Monday, July 03, 2000

Ky. juries stingy with awards

Report looks at trials

The Associated Press

        LOUISVILLE — When it comes to awarding damages to plaintiffs, most Kentucky juries are a miserly bunch, a new report said.

        The Kentucky Trial Court Review's Year in Review 1999, prepared by a private company and sold to lawyers and insurance companies to help them value cases, summarized nearly every civil trial in Kentucky last year.

        It shows that in cases involving individuals as plaintiffs, the juries:


  • Awarded damages to plaintiffs in just 19 of 67 medical malpractice cases statewide.

            „Gave plaintiffs verdicts of $1 million or more in just 3 percent of the cases.

            „Found defendants at fault in 18 automobile negligence cases in which they nonetheless awarded the plaintiff no damages.

            The review summarized the results of 507 trials, focusing on 454 brought by individuals, most of them in state courts. John Tharp, an assistant editor of the 394-page review, which was published last month, said the report represents at least 90 percent of the civil cases tried last year in Ken tucky and 100 percent of those tried in larger jurisdictions.

            Jefferson Circuit Judge Barry Willett, a former president of the Kentucky Academy of Trial Attorneys, said the review illustrates how carefully Kentucky juries approach their work.

            “Critics say that juries have nothing more than a lottery mentality,” Mr. Willett said. “This shows that couldn't be further from the truth.”

            Lawyers and judges say the results show Kentucky juries are conservative and critically minded. They also say the book shows there is no crisis in Kentucky with runaway monetary awards and the data help explain why the state has never been the successful target for tort reform by business groups.

            Plaintiffs won about 53 percent of the time in civil cases of all types and the average verdict was about $200,000. The figure drops to $113,000 when the two largest verdicts, of $20 million each, are excluded.

            The book, which sells for $180, is produced by a company called Kentucky

            Trial Court Review. The report includes the win-loss record of expert witnesses; pain and suffering awards by body part, and lists of the most prolific attorneys and law firms.

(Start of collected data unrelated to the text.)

(* Let $c$ and $z$ be complex numbers and let $n$ be a positive integer. Then \[ \sum_{\pi \in \mathcal{D}(n)} (-1)^{\#(\pi)-1} \sum_{j=1}^{s(\pi)} \bigl(\ell(\pi) - s(\pi) + j\bigr)^z\, c^{\ell(\pi) - s(\pi) + j} = \sigma_{z,c}(n), \] where $\sigma_{z,c}(n) = \sum_{d \mid n} d^z c^d$.
   Context: For a positive integer $n$, $\mathcal{D}(n)$ denotes the set of all partitions of $n$ into distinct parts. For a partition $\pi$: $s(\pi)$ is its smallest part, $\ell(\pi)$ its largest part, and $\#(\pi)$ its number of parts. For a positive integer $m$ and complex $z$, $m^z = e^{z\log m}$ with the real logarithm. The sum $\sum_{d\mid n}$ runs over the positive divisors $d$ of $n$. *)

From Stdlib Require Import Reals.
From mathcomp Require Import all_boot all_order all_algebra.
From mathcomp Require Import Rstruct.
From mathcomp Require Import complex.
Set Implicit Arguments. Unset Strict Implicit. Unset Printing Implicit Defensive.
Import Order.TTheory GRing.Theory Num.Theory.

(* m^z = e^{z log m} for a positive integer m and complex z, with the real
   logarithm, written out: e^{(a+ib) t} = e^{a t} (cos (b t) + i sin (b t)),
   t = ln m. *)
Definition natcpow (m : nat) (z : R[i]) : R[i] :=
  let t := ln (INR m) in
  Complex (exp (complex.Re z * t) * cos (complex.Im z * t))%R (exp (complex.Re z * t) * sin (complex.Im z * t))%R.

(* A partition of n into distinct parts is encoded as the set of its parts:
   a subset of {1,..,n} (as a subset of 'I_n.+1 avoiding 0) whose elements
   sum to n. *)
Definition is_distinct_partition (n : nat) (A : {set 'I_n.+1}) : bool :=
  (ord0 \notin A) && (\sum_(i in A) (i : nat) == n)%N.

(* smallest part s(pi) (all parts are <= n, so n is a neutral upper bound) *)
Definition spart (n : nat) (A : {set 'I_n.+1}) : nat := \big[minn/n]_(i in A) (i : nat).
Definition lpart (n : nat) (A : {set 'I_n.+1}) : nat := \max_(i in A) (i : nat).
Definition nparts (n : nat) (A : {set 'I_n.+1}) : nat := #|A|.

Definition sigma_zc (z c : R[i]) (n : nat) : R[i] :=
  (\sum_(d <- divisors n) natcpow d z * c ^+ d)%R.

From Stdlib Require Import Reals.
From mathcomp Require Import all_boot all_order all_algebra.
From mathcomp Require Import Rstruct.
From mathcomp Require Import complex.
From mathcomp Require Import zify ring.
Set Implicit Arguments. Unset Strict Implicit. Unset Printing Implicit Defensive.
Import Order.TTheory GRing.Theory Num.Theory.
Local Open Scope ring_scope.

(* Exchanging the two sums, the left-hand side becomes \sum_m m^z c^m S_m(n),
   where S_m(n) is the signed count (sign (-1)^(#pi-1)) of the partitions of n
   into distinct parts with l(pi) - s(pi) < m <= l(pi), i.e. whose parts lie in
   the window (l(pi) - m, l(pi)].  By inclusion-exclusion over the windows
   (a, a + m], the generating series of S_m is
     G = \sum_a X^(a+m) \prod_(a < i < a+m) (1 - X^i),
   which telescopes: (1 - X^m) G = X^m (1 - X^k) \prod_(k < i < k+m) (1 - X^i).
   Up to degree n this says G = X^m / (1 - X^m), so S_m(n) = [m | n]. *)

Section PartsPoly.
Variables (R : comNzRingType) (K : nat).
Implicit Types I : {set 'I_K}.

Definition parts_poly (I : {set 'I_K}) : {poly R} := \prod_(i in I) (1 - 'X^i).

Lemma coef_parts_poly I N : (parts_poly I)`_N =
  \sum_(J : {set 'I_K} | (J \subset I) && (\sum_(i in J) (i : nat) == N)%N)
     (-1) ^+ #|J|.
Proof.
have expand : parts_poly I = \sum_(J : {set 'I_K} | J \subset I)
    (-1) ^+ #|J| *: 'X^(\sum_(i in J) (i : nat)).
  rewrite /parts_poly big_mkcond /=.
  rewrite (eq_bigr (fun i => (if i \in I then - 'X^i else 0) + 1)); last first.
    by move=> i _; case: ifP => _; rewrite ?addr0 ?add0r // addrC.
  rewrite bigA_distr /= [RHS]big_mkcond /=; apply: eq_bigr => J _.
  case: ifP => sJI.
    rewrite -(big_mkcond (fun i => i \in J)) /=.
    under eq_bigr => i iJ do rewrite ((subsetP sJI) i iJ).
    by rewrite prodrN -expr_sum -mul_polyC rmorphXn /= rmorphN rmorph1.
  have [i iJ iI] : exists2 i, i \in J & i \notin I by apply/subsetPn; rewrite sJI.
  by rewrite (bigD1 i) //= iJ (negbTE iI) mul0r.
rewrite expand coef_sum big_mkcondr /=; apply: eq_bigr => J _.
by rewrite coefZ coefXn eq_sym; case: eqP; rewrite ?mulr1 ?mulr0.
Qed.

Lemma coef_parts_poly_small I N :
  {in I, forall i : 'I_K, N < i}%N -> (parts_poly I)`_N = (N == 0)%N%:R.
Proof.
move=> I_gtN; rewrite coef_parts_poly.
rewrite (eq_bigl (fun J : {set 'I_K} => (J == set0) && (N == 0)%N)); last first.
  move=> J; have [->|/set0Pn[i iJ]] := eqVneq J set0.
    by rewrite sub0set big_set0 eq_sym.
  apply/negbTE/negP => /andP[/subsetP sJI /eqP sumJ].
  have le_i_sum : (i <= \sum_(i in J) (i : nat))%N by rewrite (bigD1 i) //= leq_addr.
  by have := I_gtN i (sJI i iJ); lia.
case: (N =P 0%N) => [N0|_]; last by rewrite big_pred0 // => J; rewrite andbF.
subst N.
by rewrite (big_pred1 set0) ?cards0 // => J; rewrite andbT.
Qed.

Variable m : nat.
Hypothesis m_gt0 : (0 < m)%N.

Definition window_oc a := [set i : 'I_K | (a < i <= a + m)%N].
Definition window_oo a := [set i : 'I_K | (a < i < a + m)%N].

Lemma parts_poly_oc_top a : (a + m < K)%N ->
  parts_poly (window_oc a) = (1 - 'X^(a + m)) * parts_poly (window_oo a).
Proof.
move=> lt_K; rewrite /parts_poly (bigD1 (Ordinal lt_K)) /=; last by rewrite inE /=; lia.
congr (_ * _); apply: eq_bigl => i; rewrite !inE -val_eqE /=.
by apply/idP/idP; lia.
Qed.

Lemma parts_poly_oc_bottom a : (a + m < K)%N ->
  parts_poly (window_oc a) = (1 - 'X^(a.+1)) * parts_poly (window_oo a.+1).
Proof.
move=> lt_K; have lt_K' : (a.+1 < K)%N by lia.
rewrite /parts_poly (bigD1 (Ordinal lt_K')) /=; last by rewrite inE /=; lia.
congr (_ * _); apply: eq_bigl => i; rewrite !inE -val_eqE /=.
by apply/idP/idP; lia.
Qed.

Definition window_series k := \sum_(a < k) 'X^(a + m) * parts_poly (window_oo a).

Lemma window_series_telescope k : (k + m <= K)%N ->
  (1 - 'X^m) * window_series k = 'X^m * ((1 - 'X^k) * parts_poly (window_oo k)).
Proof.
elim: k => [|k IHk] le_K.
  by rewrite /window_series big_ord0 expr0 subrr mulr0 mul0r mulr0.
rewrite /window_series big_ord_recr /= mulrDr -/(window_series k) IHk; last lia.
rewrite -parts_poly_oc_bottom; last lia.
rewrite parts_poly_oc_top; last lia.
by rewrite exprD; ring.
Qed.

Lemma coef_window_series N : (m <= K)%N -> (N < K)%N ->
  (window_series (K - m))`_N = ((m %| N) && (0 < N))%N%:R.
Proof.
move=> le_mK; set G := window_series (K - m).
have rec M : (M < K)%N -> G`_M =
    if (M < m)%N then 0 else G`_(M - m) + (M - m == 0)%N%:R.
  move=> lt_MK.
  have := congr1 (fun p : {poly R} => p`_M) (window_series_telescope (k:=K - m) _).
  rewrite subnK // => /(_ (leqnn K)).
  rewrite mulrBl mul1r coefB !coefXnM mulrBl mul1r coefB coefXnM -/G.
  case: ltnP => le_mM; first by rewrite subr0.
  rewrite coef_parts_poly_small; last by move=> i; rewrite inE; lia.
  have -> : (M - m < K - m)%N by lia.
  by rewrite subr0 => /eqP; rewrite subr_eq => /eqP ->; rewrite addrC.
elim/ltn_ind: N => N IHN lt_NK; rewrite rec //.
case: ltnP => le_mN.
  have [->|N_gt0] := posnP N; first by rewrite andbF.
  by have -> : (m %| N)%N = false by apply/negbTE/negP => /(dvdn_leq N_gt0); lia.
rewrite IHN; [|lia|lia].
have [->|neq_Nm] := eqVneq N m; first by rewrite subnn andbF dvdnn m_gt0 add0r.
have -> : (N - m == 0)%N = false by lia.
by rewrite addr0 dvdn_subl ?dvdnn //; congr ((_ && _)%:R); lia.
Qed.

End PartsPoly.

Section PartBounds.
Variable n : nat.
Implicit Types (A : {set 'I_n.+1}) (i : 'I_n.+1).

Lemma lpart_ub A i : i \in A -> (i <= lpart A)%N.
Proof. by move=> iA; rewrite /lpart (bigD1 i) //= leq_maxl. Qed.

Lemma lpart_mem A : A != set0 -> exists2 i, i \in A & (i : nat) = lpart A.
Proof.
rewrite -card_gt0 => A_gt0; have [i iA Ei] := eq_bigmax_cond (fun i => i : nat) A_gt0.
by exists i => //; rewrite /lpart Ei.
Qed.

Lemma spart_lb A i : i \in A -> (spart A <= i)%N.
Proof.
move=> iA; have : i \in [seq j <- index_enum 'I_n.+1 | j \in A].
  by rewrite mem_filter iA mem_index_enum.
rewrite /spart -big_filter; elim: [seq j <- _ | _] => // j s IHs.
rewrite big_cons inE => /orP [/eqP ->|/IHs le_s]; first exact: geq_minl.
exact: leq_trans (geq_minr _ _) le_s.
Qed.

Lemma spart_mem A : A != set0 -> exists2 i, i \in A & (i : nat) = spart A.
Proof.
move=> A_nz.
have : (spart A == n) || [exists i in A, (i : nat) == spart A].
  rewrite /spart; apply: (big_ind (fun x => (x == n) || [exists i in A, (i : nat) == x])).
  - by rewrite eqxx.
  - by move=> x y /= Hx Hy; rewrite /minn; case: ifP.
  - by move=> i iA; apply/orP; right; apply/exists_inP; exists i.
case/orP => [/eqP Es|/exists_inP [i iA /eqP Ei]]; last by exists i.
case/set0Pn: A_nz => i iA; exists i => //.
by have := spart_lb iA; have := ltn_ord i; lia.
Qed.

Lemma spart_le_lpart A : A != set0 -> (spart A <= lpart A <= n)%N.
Proof.
move=> A_nz; have [j jA <-] := lpart_mem A_nz.
by rewrite (spart_lb jA) -ltnS ltn_ord.
Qed.

End PartBounds.

Section WindowCount.
Variables (R : comNzRingType) (n m : nat).
Hypothesis m_gt0 : (0 < m)%N.
Implicit Types (A : {set 'I_n.+1}).
Local Notation window_oc := (window_oc n.+1 m).
Local Notation window_oo := (window_oo n.+1 m).

Definition fits_window A := ((lpart A - spart A < m) && (m <= lpart A))%N.

Lemma subset_window A a : A != set0 ->
  ((A \subset window_oc a) = (a < spart A) && (lpart A <= a + m))%N *
  ((A \subset window_oo a) = (a < spart A) && (lpart A < a + m))%N.
Proof.
move=> A_nz; have [i iA Ei] := spart_mem A_nz; have [j jA Ej] := lpart_mem A_nz.
by split; apply/subsetP/andP => [sA|[lt_a le_l] k kA];
  [have := sA i iA; have := sA j jA; rewrite !inE; lia
  |rewrite inE; have := spart_lb kA; have := lpart_ub kA; lia
  |have := sA i iA; have := sA j jA; rewrite !inE; lia
  |rewrite inE; have := spart_lb kA; have := lpart_ub kA; lia].
Qed.

Lemma sum_ord_eq_nat k x : \sum_(a < k) ((a : nat) == x)%:R = (x < k)%:R :> R.
Proof.
elim: k => [|k IHk]; first by rewrite big_ord0.
by rewrite big_ord_recr /= IHk ltnS; case: ltngtP; rewrite ?addr0 ?add0r.
Qed.

(* Only the window starting at a = lpart A - m separates the two subset tests. *)
Lemma fits_window_telescope A : (fits_window A)%:R =
  \sum_(a < n.+1 - m) ((A \subset window_oc a)%:R - (A \subset window_oo a)%:R) :> R.
Proof.
have [->|A_nz] := eqVneq A set0.
  rewrite /fits_window /lpart big_set0 (leqNgt m 0) m_gt0 andbF.
  by rewrite big1 // => a _; rewrite !sub0set subrr.
have /andP[le_sl le_ln] := spart_le_lpart A_nz.
rewrite (eq_bigr (fun a : 'I_(n.+1 - m) =>
    ((a : nat) == lpart A - m)%N%:R * (fits_window A)%:R)); last first.
  have natr_subb (b b' : bool) : (b' -> b) -> b%:R - b'%:R = (b && ~~ b')%:R :> R.
    by case: b; case: b' => //= b'b; rewrite ?subrr ?subr0 //; have := b'b isT.
  move=> a _; rewrite !subset_window // natr_subb => [|/andP[? ?]]; last by apply/andP; lia.
  by rewrite -natrM mulnb /fits_window; congr (_%:R); lia.
rewrite -mulr_suml sum_ord_eq_nat.
case: (boolP (fits_window A)) => [fitA|_]; last by rewrite mulr0.
by rewrite mulr1 /fits_window in fitA *; congr (_%:R); lia.
Qed.

Lemma signed_subset_count (I : {set 'I_n.+1}) N : ord0 \notin I ->
  \sum_(A : {set 'I_n.+1} | (ord0 \notin A) && (\sum_(i in A) (i : nat) == N)%N)
     (-1) ^+ #|A| * (A \subset I)%:R = (parts_poly R I)`_N.
Proof.
move=> I0; rewrite coef_parts_poly big_mkcond [RHS]big_mkcond; apply: eq_bigr => A _.
case sAI: (A \subset I); last by rewrite /= mulr0; case: ifP.
by rewrite (contra (subsetP sAI ord0) I0) /= mulr1.
Qed.

Definition window_count N :=
  \sum_(A : {set 'I_n.+1} | (ord0 \notin A) && (\sum_(i in A) (i : nat) == N)%N)
     (-1) ^+ #|A|.-1 * (fits_window A)%:R :> R.

Lemma window_count_coef N : window_count N = (window_series R n.+1 m (n.+1 - m))`_N.
Proof.
rewrite /window_count (eq_bigr (fun A => - ((-1) ^+ #|A| *
    \sum_(a < n.+1 - m) ((A \subset window_oc a)%:R - (A \subset window_oo a)%:R))));
  last first.
  move=> A _; rewrite -fits_window_telescope.
  have [->|A_nz] := eqVneq A set0.
    by rewrite /fits_window /lpart big_set0 (leqNgt m 0) m_gt0 andbF !mulr0 oppr0.
  move: A_nz; rewrite -card_gt0.
  by case: #|A| => // k _; rewrite exprS mulN1r mulNr opprK.
rewrite sumrN; under eq_bigr => A _ do rewrite mulr_sumr.
rewrite exchange_big /= /window_series coef_sum -sumrN; apply: eq_bigr => a _.
under eq_bigr => A _ do rewrite mulrBr.
have lt_a : (a + m < n.+1)%N by have := ltn_ord a; lia.
rewrite sumrB !signed_subset_count ?inE // parts_poly_oc_top //.
by rewrite mulrBl mul1r coefB addrAC subrr add0r opprK.
Qed.

Lemma window_count_dvd : (m <= n)%N -> window_count n = (m %| n)%:R.
Proof.
move=> le_mn; have n_gt0 : (0 < n)%N by lia.
by rewrite window_count_coef coef_window_series //; [rewrite n_gt0 andbT|lia].
Qed.

End WindowCount.

Section Summation.
Variable R : comNzRingType.

Lemma big_nat_indicator a b N (F : nat -> R) : (a <= b <= N)%N ->
  \sum_(a <= i < b) F i = \sum_(i < N) ((a <= i) && (i < b))%N%:R * F i.
Proof.
case/andP => le_ab le_bN.
rewrite -(big_mkord xpredT (fun i => ((a <= i) && (i < b))%N%:R * F i)).
rewrite (big_cat_nat (m:=0) (n:=a) (p:=N)) ?(leq_trans le_ab) //=.
rewrite (big_cat_nat (m:=a) (n:=b) (p:=N)) //=.
rewrite [X in X + _]big1_seq => [|i]; last first.
  by rewrite mem_index_iota /= => lt_ia; rewrite leqNgt lt_ia mul0r.
rewrite [X in _ + (_ + X)]big1_seq => [|i]; last first.
  by rewrite mem_index_iota /= => /andP[le_bi _]; rewrite ltnNge le_bi andbF mul0r.
rewrite add0r addr0; apply: eq_big_seq => i.
by rewrite mem_index_iota => ->; rewrite mul1r.
Qed.

Lemma big_divisors_ord n (g : nat -> R) : (0 < n)%N ->
  \sum_(d <- divisors n) g d = \sum_(d < n.+1) (d %| n)%:R * g d.
Proof.
move=> n_gt0.
rewrite (perm_big [seq d <- index_iota 0 n.+1 | (d %| n)%N]); last first.
  apply: uniq_perm; [exact: divisors_uniq | exact/filter_uniq/iota_uniq |].
  move=> d; rewrite -dvdn_divisors // mem_filter mem_index_iota /=.
  by case: (boolP (d %| n)%N) => //= dvd_dn; rewrite ltnS dvdn_leq.
rewrite big_filter big_mkcond big_mkord; apply: eq_bigr => i _.
by case: ifP; rewrite ?mul1r ?mul0r.
Qed.

Lemma sum_shifted_window n (A : {set 'I_n.+1}) (g : nat -> R) : A != set0 ->
  \sum_(1 <= j < (spart A).+1) g (lpart A - spart A + j)%N =
  \sum_(m < n.+1) (fits_window m A)%:R * g m.
Proof.
move=> A_nz; have /andP[le_sl le_ln] := spart_le_lpart A_nz.
rewrite (eq_bigr (fun m : 'I_n.+1 =>
    (((lpart A - spart A).+1 <= m) && (m < (lpart A).+1))%N%:R * g m)); last first.
  by move=> m _; rewrite ltnS.
rewrite -big_nat_indicator; last by lia.
rewrite -[(lpart A - spart A).+1]add1n big_addn.
have -> : ((lpart A).+1 - (lpart A - spart A) = (spart A).+1)%N by lia.
by apply: eq_bigr => j _; rewrite addnC.
Qed.

End Summation.

Theorem theorem2p1 (c z : R[i]) (n : nat) (hn : (0 < n)%N) :
  \sum_(A : {set 'I_n.+1} | is_distinct_partition A)
     (-1) ^+ (nparts A).-1 *
     \sum_(1 <= j < (spart A).+1)
        natcpow (lpart A - spart A + j) z * c ^+ (lpart A - spart A + j)
  = sigma_zc z c n.
Proof.
set g := fun k : nat => natcpow k z * c ^+ k.
rewrite /sigma_zc -/g big_divisors_ord //.
under eq_bigr => A /andP[_ /eqP sumA].
  have A_nz : A != set0 by apply: contra_eq_neq sumA => ->; rewrite big_set0; lia.
  rewrite (sum_shifted_window g A_nz) mulr_sumr.
over.
rewrite exchange_big /=; apply: eq_bigr => m _.
under eq_bigr => A _ do rewrite mulrA.
rewrite -mulr_suml; congr (_ * _).
have [m0|m_gt0] := posnP m.
  rewrite m0 dvd0n (gtn_eqF hn) big1 // => A _.
  by rewrite /fits_window ltn0 mulr0.
have le_mn : (m <= n)%N by have := ltn_ord m; have := dvdn_leq hn; lia.
by rewrite -window_count_dvd.
Qed.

            It also lists case summaries that describe the assortment of ways in which Kentuckians injured one another — or were alleged to — and ended up at trial last year.

            According to the report, plaintiffs won damages for slipping and falling on watermelon juice ($47,675) and bleach ($15,997), off a porch ($452,274) and into a hidden hole ($300,204).

            Attorneys also say the findings indicate how savvy jurors have become.

            Bradley Hume, immediate past president of Kentucky Defense Counsel, a defense lawyer group, said jurors understand that excessive verdicts affect insurance rates and other consumer costs.

            But Joseph White, president of the Kentucky Academy of Trial Attorneys, whose members represent mostly injured people, said he thinks prospective jurors are being influenced by politicians who talk about how damaging lawsuits can be to America's economy even though foreign-based companies doing business here are potentially subject to the same litigation.

            Mr. White also said he believes jurors are influenced by distorted media accounts of trials like the celebrated 1994 McDonald's coffee-burning case, in which a New Mexico woman suffered serious burns from spilled coffee that the restaurant's managers knew was brewed too hot to be safe.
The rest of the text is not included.